Hepatic insufficiency: In a study with subjects with varying degrees of hepatic impairment there was no evidence of increased exposure to rosuvastatin in subjects with Child-Pugh scores of 7 or below. However, two subjects with Child-Pugh scores of 8 and 9 showed an increase in systemic exposure of at least 2-fold compared to subjects with lower Child-Pugh scores. There is no experience in subjects with Child-Pugh scores above 9.
Genetic polymorphisms: Disposition of HMG-CoA reductase inhibitors, including rosuvastatin, involves OATP1B1 and BCRP transporter proteins. In patients with SLCO1B1 (OATP1B1) and/or ABCG2 (BCRP) genetic polymorphisms there is a risk of increased rosuvastatin exposure. Individual polymorphisms of SLCO1B1 c.521CC and ABCG2 c.421AA are associated with an approximate 1.6-fold higher rosuvastatin exposure (AUC) or 2.4-fold higher exposure, respectively, compared to the SLCO1B1 c.521TT or ABCG2 c.421CC genotypes.

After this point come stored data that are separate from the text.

(* An orientation of the edges: o x = true iff the edge is oriented along x.
   A branching: compatible with the gluing, and on every abstract triangle
   induced by a total order of its vertices. *)
Definition is_branching (g : gluing) (o : dart -> bool) : Prop :=
  (forall t : Tri, exists r : 'I_3 -> nat, injective r /\
      forall a b : 'I_3, a != b -> o (t, a, b) = (r a < r b)) /\
  (forall x, is_side x -> o (g x) = o x).

Definition reverse_at (g : gluing) (d : dart) (o : dart -> bool) : dart -> bool :=
  fun x => if in_edge g d x then ~~ o x else o x.

Definition ambiguous (g : gluing) (o : dart -> bool) (d : dart) : Prop :=
  is_branching g (reverse_at g d o).

Definition third (a b : 'I_3) : 'I_3 := odflt a [pick c | (c != a) && (c != b)].

(* Quadrilateral: t1 = (a1,b1,c1) with e = (a1,b1); t2 = (a2,b2,c2) with
   (a2,b2) = glue (a1,b1).  After the flip t1 keeps the roles
   a1 |-> a, c1 |-> c1, b1 |-> c2 and t2 : a2 |-> c1, b2 |-> b, c2 |-> c2.
   flip_phi relocates the sides of the quadrilateral (old dart -> new dart). *)
Definition flip_phi (g : gluing) (d x : dart) : dart :=
  let t1 := dtri d in let a1 := dsrc d in let b1 := dtgt d in
  let c1 := third a1 b1 in
  let t2 := dtri (g d) in let a2 := dsrc (g d) in let b2 := dtgt (g d) in
  let c2 := third a2 b2 in
  if x == (t1, c1, b1) then (t2, a2, b2)
  else if x == (t1, b1, c1) then (t2, b2, a2)
  else if x == (t2, c2, a2) then (t1, b1, a1)
  else if x == (t2, a2, c2) then (t1, a1, b1)
  else x.

Definition flip_phiinv (g : gluing) (d x : dart) : dart :=
  let t1 := dtri d in let a1 := dsrc d in let b1 := dtgt d in
  let c1 := third a1 b1 in
  let t2 := dtri (g d) in let a2 := dsrc (g d) in let b2 := dtgt (g d) in
  let c2 := third a2 b2 in
  if x == (t2, a2, b2) then (t1, c1, b1)
  else if x == (t2, b2, a2) then (t1, b1, c1)
  else if x == (t1, b1, a1) then (t2, c2, a2)
  else if x == (t1, a1, b1) then (t2, a2, c2)
  else x.

(* the new gluing: the new diagonal c1--c2 is (t1,c1,b1) ~ (t2,a2,c2) *)
Definition flip (g : gluing) (d : dart) : gluing := fun x =>
  let t1 := dtri d in let a1 := dsrc d in let b1 := dtgt d in
  let c1 := third a1 b1 in
  let t2 := dtri (g d) in let a2 := dsrc (g d) in let b2 := dtgt (g d) in
  let c2 := third a2 b2 in
  if x == (t1, c1, b1) then (t2, a2, c2)
  else if x == (t1, b1, c1) then (t2, c2, a2)
  else if x == (t2, a2, c2) then (t1, c1, b1)
  else if x == (t2, c2, a2) then (t1, b1, c1)
  else flip_phi g d (g (flip_phiinv g d x)).

Definition br_iso (g : gluing) (o : dart -> bool) (g' : gluing) (o' : dart -> bool)
  : Prop :=
  exists (f : {perm Tri}) (p : Tri -> {perm 'I_3}),
    let delta (x : dart) : dart :=
      (f (dtri x), p (dtri x) (dsrc x), p (dtri x) (dtgt x)) in
    forall x, is_side x -> g' (delta x) = delta (g x) /\ o' (delta x) = o x.

(* b-flip: a flip at an untrapped edge together with an orientation of the new
   diagonal such that, all other edges keeping their orientation, the result
   is branched (the result being taken up to isomorphism). *)
Definition bflip (g : gluing) (o : dart -> bool) (g' : gluing) (o' : dart -> bool)
  : Prop :=
  exists d : dart, [/\ is_side d, ~~ trapped g d &
    exists o'' : dart -> bool,
      [/\ is_branching (flip g d) o'',
          (forall x, is_side x -> ~~ in_edge g d x -> o'' (flip_phi g d x) = o x)
        & br_iso (flip g d) o'' g' o']].

Definition tri_adj (g : gluing) : rel Tri := fun t t' =>
  [exists a : 'I_3, exists b : 'I_3, (a != b) && (dtri (g (t, a, b)) == t')].

Definition tri_connected (g : gluing) : Prop :=
  forall t t' : Tri, connect (tri_adj g) t t'.

(* corners (t,a) identified through the gluing give the vertices V *)
Definition corner_rel (g : gluing) : rel (Tri * 'I_3) := fun c c' =>
  [exists b : 'I_3, (b != c.2) &&
     ((dtri (g (c.1, c.2, b)) == c'.1) && (dsrc (g (c.1, c.2, b)) == c'.2))].

Definition n_vertices (g : gluing) : nat := n_comp (corner_rel g) predT.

Toxicology: Preclinical safety data: Preclinical data reveal no special hazard for humans based on conventional studies of safety pharmacology, repeated dose toxicity, genotoxicity and carcinogenicity potential. In a rat pre- and postnatal study, reproductive toxicity was evident from reduced litter sizes, litter weight and pup survival. These effects were observed at maternotoxic doses at systemic exposures several times above the therapeutic exposure level.